:: Brief ::
Of the material below, only the lines from the line containing "exists (fun A" down to the line containing "by rewrite bigA_distr_bigA;" belong in the answer, written out exactly.
--------
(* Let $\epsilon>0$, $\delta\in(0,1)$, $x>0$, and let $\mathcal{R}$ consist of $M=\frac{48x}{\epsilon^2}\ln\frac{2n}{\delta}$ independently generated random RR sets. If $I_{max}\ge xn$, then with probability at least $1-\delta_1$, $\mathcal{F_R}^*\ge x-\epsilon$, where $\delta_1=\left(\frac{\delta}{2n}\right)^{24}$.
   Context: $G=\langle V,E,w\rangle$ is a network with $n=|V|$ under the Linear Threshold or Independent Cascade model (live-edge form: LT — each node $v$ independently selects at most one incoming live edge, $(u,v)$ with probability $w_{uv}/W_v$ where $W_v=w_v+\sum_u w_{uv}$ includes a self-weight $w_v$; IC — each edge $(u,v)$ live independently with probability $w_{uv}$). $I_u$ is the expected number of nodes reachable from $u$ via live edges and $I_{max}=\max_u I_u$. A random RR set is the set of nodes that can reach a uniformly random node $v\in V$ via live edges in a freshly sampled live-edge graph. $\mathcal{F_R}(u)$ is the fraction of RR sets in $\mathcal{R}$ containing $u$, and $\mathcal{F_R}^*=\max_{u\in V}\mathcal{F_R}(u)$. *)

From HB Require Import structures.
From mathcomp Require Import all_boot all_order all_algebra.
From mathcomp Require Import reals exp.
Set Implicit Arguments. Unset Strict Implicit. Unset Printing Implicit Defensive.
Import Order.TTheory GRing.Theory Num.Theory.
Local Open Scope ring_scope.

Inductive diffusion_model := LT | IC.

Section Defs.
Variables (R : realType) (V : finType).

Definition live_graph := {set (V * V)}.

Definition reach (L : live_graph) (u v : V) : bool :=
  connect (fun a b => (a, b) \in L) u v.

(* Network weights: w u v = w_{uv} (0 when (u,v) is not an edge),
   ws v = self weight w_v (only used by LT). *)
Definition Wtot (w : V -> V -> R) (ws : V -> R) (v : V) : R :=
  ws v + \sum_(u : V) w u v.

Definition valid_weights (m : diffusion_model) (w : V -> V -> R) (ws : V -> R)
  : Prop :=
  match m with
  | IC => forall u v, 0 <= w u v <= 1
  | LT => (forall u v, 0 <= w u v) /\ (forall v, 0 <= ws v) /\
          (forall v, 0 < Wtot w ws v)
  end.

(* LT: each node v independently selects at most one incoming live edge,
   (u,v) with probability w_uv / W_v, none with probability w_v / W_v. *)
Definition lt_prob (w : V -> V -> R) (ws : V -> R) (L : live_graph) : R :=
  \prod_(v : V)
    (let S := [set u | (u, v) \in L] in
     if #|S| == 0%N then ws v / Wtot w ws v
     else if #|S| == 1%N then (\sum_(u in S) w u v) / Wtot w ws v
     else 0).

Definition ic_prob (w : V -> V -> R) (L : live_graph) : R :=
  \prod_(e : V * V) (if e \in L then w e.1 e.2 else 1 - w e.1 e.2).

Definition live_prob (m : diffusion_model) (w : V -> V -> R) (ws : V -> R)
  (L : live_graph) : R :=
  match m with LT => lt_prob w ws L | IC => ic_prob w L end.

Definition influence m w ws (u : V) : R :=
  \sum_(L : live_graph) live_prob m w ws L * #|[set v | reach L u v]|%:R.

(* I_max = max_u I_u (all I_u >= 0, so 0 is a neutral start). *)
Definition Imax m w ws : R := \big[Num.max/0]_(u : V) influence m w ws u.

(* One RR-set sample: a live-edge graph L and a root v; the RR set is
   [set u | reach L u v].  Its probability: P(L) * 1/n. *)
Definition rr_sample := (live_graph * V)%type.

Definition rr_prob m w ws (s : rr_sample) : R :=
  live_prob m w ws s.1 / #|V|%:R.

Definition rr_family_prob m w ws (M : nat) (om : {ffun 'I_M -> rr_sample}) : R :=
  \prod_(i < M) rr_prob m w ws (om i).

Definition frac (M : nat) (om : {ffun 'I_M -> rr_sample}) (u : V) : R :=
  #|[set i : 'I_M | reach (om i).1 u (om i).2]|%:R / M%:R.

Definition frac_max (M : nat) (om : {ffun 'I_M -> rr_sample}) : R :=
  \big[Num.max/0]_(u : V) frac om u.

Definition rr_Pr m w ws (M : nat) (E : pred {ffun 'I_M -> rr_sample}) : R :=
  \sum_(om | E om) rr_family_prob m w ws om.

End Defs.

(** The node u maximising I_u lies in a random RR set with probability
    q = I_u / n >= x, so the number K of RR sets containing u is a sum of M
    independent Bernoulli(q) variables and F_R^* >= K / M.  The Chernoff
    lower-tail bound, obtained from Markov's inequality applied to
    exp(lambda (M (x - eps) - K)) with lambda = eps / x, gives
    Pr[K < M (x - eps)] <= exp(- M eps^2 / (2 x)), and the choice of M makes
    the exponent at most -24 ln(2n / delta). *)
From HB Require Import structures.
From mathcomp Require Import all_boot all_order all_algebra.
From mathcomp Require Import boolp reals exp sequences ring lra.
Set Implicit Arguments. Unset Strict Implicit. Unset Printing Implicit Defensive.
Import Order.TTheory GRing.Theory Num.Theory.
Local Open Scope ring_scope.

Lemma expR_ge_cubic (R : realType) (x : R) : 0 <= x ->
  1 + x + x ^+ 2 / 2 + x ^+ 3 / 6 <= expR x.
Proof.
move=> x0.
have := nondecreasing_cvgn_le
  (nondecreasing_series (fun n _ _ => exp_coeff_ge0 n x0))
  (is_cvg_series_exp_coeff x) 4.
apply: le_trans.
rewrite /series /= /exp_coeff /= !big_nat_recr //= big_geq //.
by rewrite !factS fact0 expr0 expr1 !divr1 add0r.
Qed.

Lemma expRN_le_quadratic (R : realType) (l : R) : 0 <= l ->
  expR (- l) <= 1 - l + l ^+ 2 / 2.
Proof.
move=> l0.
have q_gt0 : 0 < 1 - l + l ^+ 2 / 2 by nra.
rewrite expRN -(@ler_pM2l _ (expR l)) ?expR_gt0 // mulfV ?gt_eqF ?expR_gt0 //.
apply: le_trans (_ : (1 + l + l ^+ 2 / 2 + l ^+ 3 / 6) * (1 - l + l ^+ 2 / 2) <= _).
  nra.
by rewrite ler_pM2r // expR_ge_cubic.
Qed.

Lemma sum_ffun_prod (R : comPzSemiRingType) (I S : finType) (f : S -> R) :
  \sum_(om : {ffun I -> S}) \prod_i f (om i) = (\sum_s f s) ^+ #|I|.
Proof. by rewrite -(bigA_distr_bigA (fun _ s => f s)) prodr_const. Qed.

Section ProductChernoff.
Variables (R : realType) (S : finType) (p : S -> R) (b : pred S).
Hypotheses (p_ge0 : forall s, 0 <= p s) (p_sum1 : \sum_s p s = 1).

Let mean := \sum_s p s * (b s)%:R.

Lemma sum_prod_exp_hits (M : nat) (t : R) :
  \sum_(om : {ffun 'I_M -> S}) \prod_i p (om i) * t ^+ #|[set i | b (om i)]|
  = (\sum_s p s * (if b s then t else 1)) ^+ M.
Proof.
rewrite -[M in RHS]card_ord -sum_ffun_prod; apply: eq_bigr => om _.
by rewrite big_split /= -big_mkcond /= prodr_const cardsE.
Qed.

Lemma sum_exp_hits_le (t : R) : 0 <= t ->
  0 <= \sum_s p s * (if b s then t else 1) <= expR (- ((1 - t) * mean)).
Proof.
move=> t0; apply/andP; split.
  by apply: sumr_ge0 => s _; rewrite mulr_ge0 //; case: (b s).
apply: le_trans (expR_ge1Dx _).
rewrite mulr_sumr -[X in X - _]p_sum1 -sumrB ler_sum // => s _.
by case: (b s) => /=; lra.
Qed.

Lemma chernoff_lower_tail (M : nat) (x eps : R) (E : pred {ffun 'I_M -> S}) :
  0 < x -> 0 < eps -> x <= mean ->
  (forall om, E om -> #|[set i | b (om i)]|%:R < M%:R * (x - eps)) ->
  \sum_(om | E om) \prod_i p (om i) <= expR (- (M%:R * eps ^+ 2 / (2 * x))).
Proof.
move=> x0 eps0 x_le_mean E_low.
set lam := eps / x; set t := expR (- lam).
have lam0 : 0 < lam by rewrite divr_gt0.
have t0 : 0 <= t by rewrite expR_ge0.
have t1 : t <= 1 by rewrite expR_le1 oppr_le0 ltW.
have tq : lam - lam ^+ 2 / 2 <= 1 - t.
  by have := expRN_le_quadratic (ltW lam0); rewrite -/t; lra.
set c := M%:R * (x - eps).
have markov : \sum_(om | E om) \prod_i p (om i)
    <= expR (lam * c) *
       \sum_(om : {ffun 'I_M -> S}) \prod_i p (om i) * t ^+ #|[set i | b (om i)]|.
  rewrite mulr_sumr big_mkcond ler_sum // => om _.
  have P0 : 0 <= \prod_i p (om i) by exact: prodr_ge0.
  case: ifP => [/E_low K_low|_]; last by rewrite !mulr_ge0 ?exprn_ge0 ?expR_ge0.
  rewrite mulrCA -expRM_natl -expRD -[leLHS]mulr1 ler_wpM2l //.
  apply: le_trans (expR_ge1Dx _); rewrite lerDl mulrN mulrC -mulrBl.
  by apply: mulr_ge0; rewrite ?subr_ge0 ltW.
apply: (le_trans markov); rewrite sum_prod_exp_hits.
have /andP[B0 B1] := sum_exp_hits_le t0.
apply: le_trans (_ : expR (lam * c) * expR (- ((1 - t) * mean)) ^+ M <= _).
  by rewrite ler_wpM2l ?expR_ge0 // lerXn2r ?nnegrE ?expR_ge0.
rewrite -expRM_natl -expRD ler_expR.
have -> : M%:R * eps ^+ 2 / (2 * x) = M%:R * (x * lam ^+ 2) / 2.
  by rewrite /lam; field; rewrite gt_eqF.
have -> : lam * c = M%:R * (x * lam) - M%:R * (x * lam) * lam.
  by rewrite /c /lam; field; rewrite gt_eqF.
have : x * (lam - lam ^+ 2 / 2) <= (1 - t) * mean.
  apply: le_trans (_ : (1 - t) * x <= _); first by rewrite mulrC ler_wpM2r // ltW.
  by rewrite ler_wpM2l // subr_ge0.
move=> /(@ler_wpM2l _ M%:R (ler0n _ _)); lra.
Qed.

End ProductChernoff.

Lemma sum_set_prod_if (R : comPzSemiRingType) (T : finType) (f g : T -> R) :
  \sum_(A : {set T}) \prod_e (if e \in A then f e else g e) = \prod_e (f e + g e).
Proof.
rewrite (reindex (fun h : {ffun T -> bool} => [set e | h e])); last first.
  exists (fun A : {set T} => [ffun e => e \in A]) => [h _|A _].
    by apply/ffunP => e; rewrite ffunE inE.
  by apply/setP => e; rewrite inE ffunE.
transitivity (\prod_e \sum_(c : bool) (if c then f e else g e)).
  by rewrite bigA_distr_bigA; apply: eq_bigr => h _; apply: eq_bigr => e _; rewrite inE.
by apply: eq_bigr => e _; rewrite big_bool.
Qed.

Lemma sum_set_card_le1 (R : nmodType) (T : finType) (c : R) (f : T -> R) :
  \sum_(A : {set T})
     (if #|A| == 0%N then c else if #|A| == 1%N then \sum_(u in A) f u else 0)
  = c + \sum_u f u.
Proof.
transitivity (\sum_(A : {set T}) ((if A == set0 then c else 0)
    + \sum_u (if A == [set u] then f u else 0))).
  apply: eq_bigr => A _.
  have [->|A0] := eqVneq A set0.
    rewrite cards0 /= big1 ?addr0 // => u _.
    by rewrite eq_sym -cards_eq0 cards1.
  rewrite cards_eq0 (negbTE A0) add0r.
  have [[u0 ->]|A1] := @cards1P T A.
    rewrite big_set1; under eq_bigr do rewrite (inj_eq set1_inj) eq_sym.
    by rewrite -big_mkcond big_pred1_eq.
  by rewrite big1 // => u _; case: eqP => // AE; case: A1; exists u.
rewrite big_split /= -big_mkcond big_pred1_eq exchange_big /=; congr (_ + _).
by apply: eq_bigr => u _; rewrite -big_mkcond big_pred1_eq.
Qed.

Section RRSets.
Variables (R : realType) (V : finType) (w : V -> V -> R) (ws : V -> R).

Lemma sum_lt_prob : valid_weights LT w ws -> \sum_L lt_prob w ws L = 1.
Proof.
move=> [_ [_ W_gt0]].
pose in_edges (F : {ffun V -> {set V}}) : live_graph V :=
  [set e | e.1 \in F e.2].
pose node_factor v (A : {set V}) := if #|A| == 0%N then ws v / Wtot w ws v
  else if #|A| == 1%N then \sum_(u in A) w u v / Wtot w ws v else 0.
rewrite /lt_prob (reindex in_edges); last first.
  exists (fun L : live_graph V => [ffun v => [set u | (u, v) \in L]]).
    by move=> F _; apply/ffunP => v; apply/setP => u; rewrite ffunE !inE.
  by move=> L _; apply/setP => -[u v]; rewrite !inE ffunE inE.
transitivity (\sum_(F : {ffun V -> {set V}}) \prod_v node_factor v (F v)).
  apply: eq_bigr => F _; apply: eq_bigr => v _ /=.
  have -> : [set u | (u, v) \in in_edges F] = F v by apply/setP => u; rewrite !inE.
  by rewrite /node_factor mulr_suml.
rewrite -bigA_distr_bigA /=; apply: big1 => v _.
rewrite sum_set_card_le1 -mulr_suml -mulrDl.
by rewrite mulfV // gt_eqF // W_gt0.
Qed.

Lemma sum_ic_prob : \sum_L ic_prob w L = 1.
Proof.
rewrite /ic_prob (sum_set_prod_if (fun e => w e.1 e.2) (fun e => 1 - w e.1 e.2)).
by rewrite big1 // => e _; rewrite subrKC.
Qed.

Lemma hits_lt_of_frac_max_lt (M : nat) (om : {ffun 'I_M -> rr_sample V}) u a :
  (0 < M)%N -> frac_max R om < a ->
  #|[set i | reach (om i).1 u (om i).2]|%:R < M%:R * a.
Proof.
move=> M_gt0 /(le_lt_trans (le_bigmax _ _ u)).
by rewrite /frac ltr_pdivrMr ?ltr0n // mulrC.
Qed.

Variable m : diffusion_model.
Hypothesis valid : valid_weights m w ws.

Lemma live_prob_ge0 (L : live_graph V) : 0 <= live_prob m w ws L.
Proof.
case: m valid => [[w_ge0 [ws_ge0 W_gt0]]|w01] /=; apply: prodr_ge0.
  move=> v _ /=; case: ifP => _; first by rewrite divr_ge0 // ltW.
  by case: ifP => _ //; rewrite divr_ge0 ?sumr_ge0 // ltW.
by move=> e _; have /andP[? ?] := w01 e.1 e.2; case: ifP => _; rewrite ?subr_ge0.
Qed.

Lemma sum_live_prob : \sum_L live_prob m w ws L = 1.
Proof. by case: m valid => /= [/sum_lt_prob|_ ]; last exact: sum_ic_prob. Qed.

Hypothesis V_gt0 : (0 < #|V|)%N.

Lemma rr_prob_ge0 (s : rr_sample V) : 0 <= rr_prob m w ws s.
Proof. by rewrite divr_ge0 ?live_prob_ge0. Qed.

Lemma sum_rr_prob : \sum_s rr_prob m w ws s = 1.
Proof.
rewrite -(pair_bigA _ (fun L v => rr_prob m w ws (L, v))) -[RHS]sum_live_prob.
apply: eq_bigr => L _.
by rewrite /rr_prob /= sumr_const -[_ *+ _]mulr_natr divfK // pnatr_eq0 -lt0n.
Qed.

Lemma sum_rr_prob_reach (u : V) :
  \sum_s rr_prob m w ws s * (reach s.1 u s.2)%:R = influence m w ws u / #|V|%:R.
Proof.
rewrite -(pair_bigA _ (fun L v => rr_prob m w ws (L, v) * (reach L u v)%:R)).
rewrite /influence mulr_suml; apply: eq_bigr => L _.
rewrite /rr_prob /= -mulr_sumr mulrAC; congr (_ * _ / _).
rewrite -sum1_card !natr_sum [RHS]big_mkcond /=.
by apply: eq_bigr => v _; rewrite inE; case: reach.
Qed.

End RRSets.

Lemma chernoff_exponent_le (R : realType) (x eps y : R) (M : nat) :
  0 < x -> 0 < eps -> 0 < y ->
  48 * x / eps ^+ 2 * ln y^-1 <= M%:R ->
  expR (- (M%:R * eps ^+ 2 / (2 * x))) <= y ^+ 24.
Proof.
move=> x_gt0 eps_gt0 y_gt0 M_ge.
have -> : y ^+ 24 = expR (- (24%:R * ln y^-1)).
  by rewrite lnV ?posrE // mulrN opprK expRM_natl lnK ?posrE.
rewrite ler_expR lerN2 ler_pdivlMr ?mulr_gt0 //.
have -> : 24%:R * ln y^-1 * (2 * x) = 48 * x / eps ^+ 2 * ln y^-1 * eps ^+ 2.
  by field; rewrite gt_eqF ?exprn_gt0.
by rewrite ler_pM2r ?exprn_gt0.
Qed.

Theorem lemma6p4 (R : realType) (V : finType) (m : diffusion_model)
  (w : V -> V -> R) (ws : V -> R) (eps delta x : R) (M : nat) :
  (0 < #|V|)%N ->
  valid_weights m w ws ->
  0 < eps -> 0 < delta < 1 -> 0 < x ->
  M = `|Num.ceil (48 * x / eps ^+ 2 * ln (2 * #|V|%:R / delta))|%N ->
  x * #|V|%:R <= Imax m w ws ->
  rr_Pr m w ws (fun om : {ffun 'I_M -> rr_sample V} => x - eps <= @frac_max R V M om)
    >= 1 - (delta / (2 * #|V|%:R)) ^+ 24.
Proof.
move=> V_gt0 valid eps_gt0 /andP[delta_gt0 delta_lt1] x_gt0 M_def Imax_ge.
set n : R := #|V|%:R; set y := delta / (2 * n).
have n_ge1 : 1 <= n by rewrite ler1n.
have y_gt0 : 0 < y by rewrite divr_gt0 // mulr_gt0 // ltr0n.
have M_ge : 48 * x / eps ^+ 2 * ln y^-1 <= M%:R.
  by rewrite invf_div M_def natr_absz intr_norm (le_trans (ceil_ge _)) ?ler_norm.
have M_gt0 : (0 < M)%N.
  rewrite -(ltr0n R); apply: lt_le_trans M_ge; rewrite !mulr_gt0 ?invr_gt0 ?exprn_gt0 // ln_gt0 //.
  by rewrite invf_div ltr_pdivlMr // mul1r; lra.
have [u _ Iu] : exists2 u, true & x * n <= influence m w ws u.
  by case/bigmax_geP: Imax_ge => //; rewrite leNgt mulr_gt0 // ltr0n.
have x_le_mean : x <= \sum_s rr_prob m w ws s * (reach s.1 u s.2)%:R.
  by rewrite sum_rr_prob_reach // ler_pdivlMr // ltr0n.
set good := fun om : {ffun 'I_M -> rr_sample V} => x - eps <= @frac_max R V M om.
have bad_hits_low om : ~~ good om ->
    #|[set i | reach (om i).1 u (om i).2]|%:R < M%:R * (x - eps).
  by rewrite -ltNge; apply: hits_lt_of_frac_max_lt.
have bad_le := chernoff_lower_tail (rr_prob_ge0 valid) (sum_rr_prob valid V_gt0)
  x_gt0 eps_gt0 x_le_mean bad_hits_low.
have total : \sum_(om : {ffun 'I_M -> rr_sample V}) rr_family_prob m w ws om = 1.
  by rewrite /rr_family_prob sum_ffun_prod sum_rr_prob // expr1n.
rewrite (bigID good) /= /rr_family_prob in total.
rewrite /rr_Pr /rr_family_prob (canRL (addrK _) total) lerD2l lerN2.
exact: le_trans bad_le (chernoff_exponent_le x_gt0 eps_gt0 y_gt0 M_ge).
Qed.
--------
:: Answer to the problem ::
  exists (fun A : {set T} => [ffun e => e \in A]) => [h _|A _].
    by apply/ffunP => e; rewrite ffunE inE.
  by apply/setP => e; rewrite inE ffunE.
transitivity (\prod_e \sum_(c : bool) (if c then f e else g e)).
  by rewrite bigA_distr_bigA; apply: eq_bigr => h _; apply: eq_bigr => e _; rewrite inE.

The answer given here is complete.